(* Let $T>0$. Let $g:\mathbb{R}\to\mathbb{R}$ be a continuous, odd, sublinear function, and let $k:\mathbb{R}\to\mathbb{R}$ be a continuous, odd, $T$-periodic function with $\frac{1}{T}\int_0^T k(t)\,dt=0$. Then the equation $$u''+g(u)=k(t)$$ has an odd $T$-periodic solution $u\in C^2(\mathbb{R})$. Moreover, the set of odd $T$-periodic solutions of this equation is bounded in the supremum norm.
   Context: A function $h$ is odd if $h(-x)=-h(x)$ for all $x$. The function $g$ is called sublinear if for every $\varepsilon>0$ there exists $M=M(\varepsilon)>0$ such that $|g(x)|\le M+\varepsilon|x|$ for all $x\in\mathbb{R}$. *)

From Stdlib Require Import Reals.
From Coquelicot Require Import Coquelicot.
Open Scope R_scope.

Definition odd_fun (h : R -> R) : Prop := forall x, h (- x) = - h x.

Definition sublinear (g : R -> R) : Prop :=
  forall eps, 0 < eps -> exists M, 0 < M /\ forall x, Rabs (g x) <= M + eps * Rabs x.

Definition periodic (T : R) (h : R -> R) : Prop := forall t, h (t + T) = h t.

Definition is_C2_solution (g k u : R -> R) : Prop :=
  (forall t, ex_derive u t) /\
  (forall t, ex_derive (Derive u) t) /\
  (forall t, continuous (Derive (Derive u)) t) /\
  (forall t, Derive (Derive u) t + g (u t) = k t).

Definition is_solution (g k u : R -> R) : Prop :=
  (forall t, ex_derive u t) /\
  (forall t, ex_derive (Derive u) t) /\
  (forall t, Derive (Derive u) t + g (u t) = k t).

From Stdlib Require Import Reals ZArith Lra Lia ClassicalEpsilon Classical.
From Coquelicot Require Import Coquelicot.
Open Scope R_scope.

TASK STATEMENT =>
Within the records, filter for lines that contain the word "Require" and show each one.

SOLUTION FOR THIS PROBLEM =>
From Stdlib Require Import Reals.
From Coquelicot Require Import Coquelicot.
From Stdlib Require Import Reals ZArith Lra Lia ClassicalEpsilon Classical.
From Coquelicot Require Import Coquelicot.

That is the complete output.